Inauguration Bleachers

From the Archive

The Iftar Circle – A Reflection

For me, the spirit of this year’s Torture Awareness Week events can be summed up in a vignette from Friday afternoon.  Two vigils into the day and feeling the effects of fasting, I was walking with Jerica and Jeremy towards the White House, where we would meet up with our coalition partners who had organized a fast-breaking Iftar meal.

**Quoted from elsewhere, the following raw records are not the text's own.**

(* Suppose the standing assumptions (1)–(5) below hold, and that both the feature and all edges incident to the $g_n$-th node of the $n$-th training graph must be unlearned: the updated dataset is $\mathcal{D}'=(\mathbf{Z}',\mathbf{y})$ with $\mathbf{z}_i'=\mathbf{z}_i$ for $i<n$ and $\mathbf{z}_n'=\Phi(\mathbf{S}_n',\mathbf{x}_n')$, where $\mathbf{x}_n'$ agrees with $\mathbf{x}_n$ except $[\mathbf{x}_n']_{g_n}=0$, and $\mathbf{S}_n'$ is obtained from $\mathbf{S}_n$ by setting the $g_n$-th row and column to zero. Then the updated model $\mathbf{w}'=\mathbf{w}^\star+\mathbf{H}_{\mathbf{w}^\star}^{-1}\Delta$ satisfies $$\|\nabla L(\mathbf{w}',\mathcal{D}')\|\leq \frac{4\gamma_2 C_1^2F^3}{\lambda^2 n},\qquad F=\sqrt{\sum_{l=0}^{L-1}B^{2l}},$$ where $B$ is the upper frame constant of the graph wavelets used in the GST.
   Context: Setting (graph classification). There are $n$ training graphs $\mathcal{G}_1,\dots,\mathcal{G}_n$. Graph $\mathcal{G}_i$ has $g_i$ nodes, a symmetric adjacency matrix $\mathbf{S}_i\in\mathbb{R}^{g_i\times g_i}$ (the graph shift operator), a node signal $\mathbf{x}_i\in\mathbb{R}^{g_i}$ (one scalar feature per node) and a label $y_i$. Graph scattering transform (GST). Fix positive integers $J,L$ and wavelet kernel functions $h_1,\dots,h_J:\mathbb{R}\to\mathbb{R}$. For a symmetric $\mathbf{S}=\mathbf{V}\mathbf{\Lambda}\mathbf{V}^T$ with eigenvalues $\lambda_1,\dots,\lambda_g$, set $\mathbf{H}_j(\mathbf{S})=\mathbf{V}\,\mathrm{diag}(h_j(\lambda_1),\dots,h_j(\lambda_g))\mathbf{V}^T$. The wavelets form a frame: there are constants $0<A\le B$ with $A^2\|\mathbf{x}\|^2\le\sum_{j=1}^J\|\mathbf{H}_j(\mathbf{S})\mathbf{x}\|^2\le B^2\|\mathbf{x}\|^2$ for all $\mathbf{x}$ (for all shift operators considered). Let $\rho$ be the entrywise absolute value. For a path $p=(j_1,\dots,j_l)$ with $j_k\in\{1,\dots,J\}$ and $0\le l\le L-1$, define $\Phi_{()}(\mathbf{S},\mathbf{x})=\mathbf{x}$ and $\Phi_{(j_1,\dots,j_l)}(\mathbf{S},\mathbf{x})=\rho\big(\mathbf{H}_{j_l}(\mathbf{S})\Phi_{(j_1,\dots,j_{l-1})}(\mathbf{S},\mathbf{x})\big)$, and the scalar coefficient $\phi_p(\mathbf{S},\mathbf{x})=U\Phi_p(\mathbf{S},\mathbf{x})$ with the averaging operator $U=\frac{1}{g}\mathbf{1}^T$ ($g$ the number of nodes). The embedding $\Phi(\mathbf{S},\mathbf{x})\in\mathbb{R}^d$, $d=\sum_{l=0}^{L-1}J^l$, is the concatenation of all $\phi_p(\mathbf{S},\mathbf{x})$. Set $\mathbf{z}_i=\Phi(\mathbf{S}_i,\mathbf{x}_i)$, let $\mathbf{Z}$ have rows $\mathbf{z}_i^T$, and $\mathcal{D}=(\mathbf{Z},\mathbf{y})$. Learning and update. $\ell(s,y)$ is convex and twice differentiable in $s$; $\ell'$, $\ell''$ denote derivatives in $s$, and $\nabla$, $\nabla^2$ denote gradient/Hessian in $\mathbf{w}$. For a dataset $\mathcal{D}=(\mathbf{Z},\mathbf{y})$, $L(\mathbf{w},\mathcal{D})=\sum_{i=1}^n\big(\ell(\mathbf{w}^T\mathbf{z}_i,y_i)+\frac{\lambda}{2}\|\mathbf{w}\|^2\big)$ with $\lambda>0$, and $\mathbf{w}^\star=\arg\min_{\mathbf{w}}L(\mathbf{w},\mathcal{D})$. For the updated dataset $\mathcal{D}'$, set $\mathbf{H}_{\mathbf{w}^\star}=\nabla^2L(\mathbf{w}^\star,\mathcal{D}')$ and $\Delta=\nabla L(\mathbf{w}^\star,\mathcal{D})-\nabla L(\mathbf{w}^\star,\mathcal{D}')$. Norms are $\ell_2$ for vectors and operator norm for matrices. Standing assumptions: there are constants $C_1,C_2,\gamma_1,\gamma_2$ such that for every embedding $\mathbf{z}_i$ (of $\mathcal{D}$ or $\mathcal{D}'$) and every $\mathbf{w}\in\mathbb{R}^d$: (1) $\|\nabla\ell(\mathbf{w}^T\mathbf{z}_i,y_i)\|\le C_1$; (2) $|\ell'(\mathbf{w}^T\mathbf{z}_i,y_i)|\le C_2$; (3) $\ell'$ is $\gamma_1$-Lipschitz; (4) $\ell''$ is $\gamma_2$-Lipschitz; (5) the signals satisfy $|[\mathbf{x}_i]_j|\le1$ for all $i$ and all $j\in\{1,\dots,g_i\}$. *)

From HB Require Import structures.
From mathcomp Require Import all_boot all_order all_algebra.
From mathcomp Require Import all_classical all_reals all_analysis.
Set Implicit Arguments. Unset Strict Implicit. Unset Printing Implicit Defensive.
Import Order.TTheory GRing.Theory Num.Theory.
Local Open Scope ring_scope.
(* There exists a one-sided non-adaptive tester for $k$-monotonicity of functions $f\colon[n]\to\{0,1\}$ with query complexity $q(n,\varepsilon,k)=O(k/\varepsilon)$.
   Context: $[n]=\{1,\dots,n\}$ with its usual order. A function $f\colon[n]\to\{0,1\}$ is $k$-monotone if there do not exist $x_1\leq\cdots\leq x_{k+1}$ with $f(x_1)=1$ and $f(x_i)\neq f(x_{i+1})$ for all $i\in[k]$. Distance is normalized Hamming distance. A tester, given $\varepsilon$ and query access to $f$, accepts $k$-monotone $f$ with probability at least $2/3$ and rejects $f$ that is $\varepsilon$-far (distance at least $\varepsilon$) from every $k$-monotone function with probability at least $2/3$; one-sided means $k$-monotone functions are accepted with probability $1$; non-adaptive means queries do not depend on previous answers. *)

From HB Require Import structures.
From mathcomp Require Import all_boot all_order all_algebra.
Set Implicit Arguments. Unset Strict Implicit. Unset Printing Implicit Defensive.
Import Order.TTheory GRing.Theory Num.Theory.

(* The domain [n] = {1,...,n} is represented by 'I_n = {0,...,n-1}
   with its usual (order-isomorphic) order. *)

Definition kmonotone (n k : nat) (f : 'I_n -> bool) : Prop :=
  ~ (exists x : nat -> 'I_n,
        f (x 0%N) = true /\
        (forall i : nat, (i < k)%N -> (x i <= x i.+1)%N /\ f (x i) <> f (x i.+1))).

Local Open Scope ring_scope.

Definition hdist (R : realFieldType) (n : nat) (f g : 'I_n -> bool) : R :=
  (#|[pred x | f x != g x]|)%:R / n%:R.

Definition far_from_kmonotone (R : realFieldType) (n k : nat) (eps : R)
    (f : 'I_n -> bool) : Prop :=
  forall g : 'I_n -> bool, kmonotone k g -> eps <= hdist R f g.

(* A randomized non-adaptive tester with query bound q: a finite sample space
   Omega with probability weights p; on random outcome w it queries the
   points of the list Q w (at most q of them, chosen independently of f),
   and outputs D w f (true = accept), which depends only on f restricted
   to Q w. *)
Definition accept_prob (R : realFieldType) (n : nat) (Omega : finType)
    (p : Omega -> R) (D : Omega -> ('I_n -> bool) -> bool) (f : 'I_n -> bool) : R :=
  \sum_(w : Omega) p w * (D w f)%:R.

Definition one_sided_nonadaptive_tester (R : realFieldType) (n k : nat) (eps : R)
    (q : nat) (Omega : finType) (p : Omega -> R) (Q : Omega -> seq 'I_n)
    (D : Omega -> ('I_n -> bool) -> bool) : Prop :=
  [/\ (forall w, 0 <= p w) /\ \sum_(w : Omega) p w = 1,
      (forall w, (size (Q w) <= q)%N),
      (forall w (f g : 'I_n -> bool),
          (forall x, x \in Q w -> f x = g x) -> D w f = D w g),
      (forall f, kmonotone k f -> accept_prob p D f = 1) &
      (forall f, far_from_kmonotone k eps f -> accept_prob p D f <= 1 / 3)].

(* The tester samples every point independently with probability
   rho ~ 6 (k + 1) / (eps n), queries the sample when it has at most q = O(k / eps) points,
   and accepts iff a greedy left-to-right scan of the sample finds no alternating chain
   1, 0, 1, ... of length k + 1; such a chain is a witness against k-monotonicity, whence
   one-sidedness.  For soundness, the parity of the number of chain points found so far is
   a k-monotone function g whenever the scan accepts, and f differs from g only at unsampled
   points that the scan would have taken.  Flipping the sample at a single point shows that
   the expected number of such missed points is (1 - rho) / rho times the expected number of
   taken points, hence at most (1 - rho) (k + 1) / rho <= eps n / 6.  By Markov's inequality
   an eps-far f is accepted with probability at most 1/6, and the sample exceeds q points
   with probability at most 1/6. *)

From HB Require Import structures.
From mathcomp Require Import all_boot all_order all_algebra.
From mathcomp Require Import zify ring lra.
Import Order.TTheory GRing.Theory Num.Theory.
Set Implicit Arguments. Unset Strict Implicit. Unset Printing Implicit Defensive.

Fixpoint alt_count (k : nat) (s F : nat -> bool) (m : nat) : nat :=
  if m is m'.+1 then
    let l := alt_count k s F m' in
    if [&& s m', F m' == ~~ odd l & l <= k] then l.+1 else l
  else 0.

Definition extends_chain (k : nat) (s F : nat -> bool) (m : nat) : bool :=
  (F m == ~~ odd (alt_count k s F m)) && (alt_count k s F m <= k).

Section AltCount.

Variable k : nat.
Implicit Types (s F : nat -> bool) (m : nat).

Lemma alt_countS s F m :
  alt_count k s F m.+1 = alt_count k s F m + (s m && extends_chain k s F m).
Proof. by rewrite /= /extends_chain; case: ifP => _; lia. Qed.

Lemma alt_count_le s F m : alt_count k s F m <= k.+1.
Proof. by elim: m => //= m IH; case: ifP => // /and3P[_ _]; lia. Qed.

Lemma alt_count_mono s F : {homo alt_count k s F : m1 m2 / m1 <= m2}.
Proof.
move=> m1 m2 /subnKC <-; elim: (m2 - m1) => [|d IH]; first by rewrite addn0.
by rewrite addnS alt_countS; lia.
Qed.

Lemma eq_alt_count s1 s2 F1 F2 m :
  (forall y, y < m -> s1 y = s2 y /\ (s1 y -> F1 y = F2 y)) ->
  alt_count k s1 F1 m = alt_count k s2 F2 m.
Proof.
elim: m => //= m IH eq12; rewrite IH => [|y ltym]; last by apply: eq12; lia.
have [-> eqF] := eq12 m (ltnSn m).
by case: (s2 m) eqF => // /(_ isT) ->.
Qed.

Lemma sum_extends_chain s F m :
  \sum_(y < m) (s y && extends_chain k s F y) = alt_count k s F m.
Proof.
elim: m => [|m IH]; first by rewrite big_ord0.
by rewrite big_ord_recr IH alt_countS.
Qed.

Lemma alt_count_chain s F m : exists c : nat -> nat,
  forall j, j < alt_count k s F m ->
    [/\ c j < m, F (c j) = ~~ odd j & j.+1 < alt_count k s F m -> c j < c j.+1].
Proof.
elim: m => [|m [c IH]]; first by exists (fun=> 0).
rewrite /=; case: ifP => [/and3P[_ /eqP Fm _]|_]; last first.
  by exists c => j /IH[? ? ?]; split => //; lia.
exists (fun j => if j == alt_count k s F m then m else c j) => j ltj.
case: eqP => [-> | /eqP nej]; first by split => //; lia.
have [ltcm Fc ltc] := IH j ltac:(lia).
split=> [|//|ltj1]; first lia.
by case: eqP => [_|nej1]; [lia | apply: ltc; lia].
Qed.

End AltCount.

Definition nat_ext (n : nat) (h : 'I_n -> bool) (y : nat) : bool :=
  if insub y is Some i then h i else false.

Lemma nat_extE n (h : 'I_n -> bool) (i : 'I_n) : nat_ext h i = h i.
Proof. by rewrite /nat_ext valK. Qed.

Lemma nat_ext_insubd n (h : 'I_n -> bool) (x0 : 'I_n) y :
  y < n -> nat_ext h y = h (insubd x0 y).
Proof. by move=> ltyn; rewrite /nat_ext /insubd; case: insubP => //=; rewrite ltyn. Qed.

Section GreedyFit.

Variables (n k : nat) (S f : 'I_n -> bool).

Local Notation chain := (alt_count k (nat_ext S) (nat_ext f)).

Definition greedy_fit (x : 'I_n) : bool := odd (chain x.+1).

Lemma greedy_fit_kmonotone : chain n <= k -> kmonotone k greedy_fit.
Proof.
move=> chain_le [x [fx0 xalt]].
pose l i := chain (x i).+1.
have l_gt i : i <= k -> i < l i.
  elim: i => [_|i IH lei]; first by move: fx0; rewrite /greedy_fit -/(l 0); case: (l 0).
  have [lex neq] := xalt i lei.
  have : l i <= l i.+1 by apply: alt_count_mono.
  have : l i != l i.+1 by apply: contra_not_neq neq => eql; rewrite /greedy_fit -/(l i) eql.
  have := IH (ltnW lei); lia.
have : l k <= chain n by apply: alt_count_mono.
have := l_gt k (leqnn k); lia.
Qed.

Lemma kmonotone_chain_le : kmonotone k f -> chain n <= k.
Proof.
move=> fmono; rewrite leqNgt; apply/negP => ltkc.
have [c hc] := alt_count_chain k (nat_ext S) (nat_ext f) n.
have {}hc j : j <= k -> [/\ c j < n, nat_ext f (c j) = ~~ odd j & j < k -> c j < c j.+1].
  move=> lejk; have [? ? ltc] := hc j ltac:(lia); split => // ltjk.
  by apply: ltc; have := alt_count_le k (nat_ext S) (nat_ext f) n; lia.
have [ltc0 _ _] := hc 0 (leq0n k).
pose x0 : 'I_n := Ordinal ltc0.
apply: fmono; exists (fun i => insubd x0 (c i)); split.
  by have [ltc fc _] := hc 0 (leq0n k); rewrite -(nat_ext_insubd _ x0 ltc) fc.
move=> i ltik; have [ltci fci ltcc] := hc i (ltnW ltik).
have [ltci1 fci1 _] := hc i.+1 ltik.
rewrite !val_insubd ltci ltci1 -(nat_ext_insubd _ x0 ltci) -(nat_ext_insubd _ x0 ltci1).
by rewrite fci fci1 /=; split; [exact/ltnW/ltcc | case: (odd i)].
Qed.

Definition missed : nat :=
  \sum_(x : 'I_n) (~~ S x && extends_chain k (nat_ext S) (nat_ext f) x).

Lemma card_greedy_fit_mismatch : chain n <= k -> #|[pred x | f x != greedy_fit x]| <= missed.
Proof.
move=> chain_le; rewrite -sum1_card big_mkcond /=; apply: leq_sum => x _.
case: ifP => // /[!inE]; rewrite /greedy_fit alt_countS oddD /extends_chain !nat_extE.
have -> : chain x <= k by apply: leq_trans chain_le; apply: alt_count_mono; apply: ltnW.
by case: (S x) (f x) (odd (chain x)) => [] [] [].
Qed.

Lemma sum_extends_chain_ord :
  \sum_(x : 'I_n) (S x && extends_chain k (nat_ext S) (nat_ext f) x) = chain n.
Proof. by rewrite -sum_extends_chain; apply: eq_bigr => x _; rewrite nat_extE. Qed.

End GreedyFit.

Local Open Scope ring_scope.

Definition toggle n (x : 'I_n) (S : {ffun 'I_n -> bool}) : {ffun 'I_n -> bool} :=
  [ffun y => (y == x) (+) S y].

Lemma toggleK n (x : 'I_n) : involutive (toggle x).
Proof. by move=> S; apply/ffunP => y; rewrite !ffunE addbA addbb. Qed.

As the three of us arrived, dusk had already cast a hazy shadow on Pennsylvania Avenue, and we strained a little to pick out the gathering crowd of Marriage Equality celebrators, flanked by a numerous but relaxed line of police.  Rainbow balloons bobbed above the crowd, and a jumble of red mylar letters eventually sorted itself out, Sesame-Street cartoon style, into the words “Love Wins.”

Looking across to Lafayette Park, a few telltale orange t-shirts helped us find our friends on the lawn.  We joined the circle and before long were immersed in the words of Guantanamo detainees, read aloud.  All of us gathered there listened quietly, took comfort in one another’s company, and reached out from that warm space to write letters to Muslim men in Guantanamo and in the US whose Ramadan celebration was taking place in a much colder environment.

We listened together to the call to prayer and broke our fast with a delicious range of thoughtfully prepared food.  Many of us took the time to meet and talk with members of our coalition partner groups that we had not met before.

There was a sweet, natural intimacy to our gathering that evening.  Maybe it was the circle and the food we shared, maybe it was light at sundown and the power of the detainees’ words.  Maybe it was our desire for connection as we sent out prisoner letters we weren’t even sure would make it past the censors.  As we sat together and strengthened our relationships in the shadow of a White House lit with rainbow-colored spotlights, we shared in the joy of that day’s historic civil rights victory.  And in our hearts, we cherished the small and beautiful steps that we were making towards yet another civil rights victory: one over racism, Islamophobia, and state violence.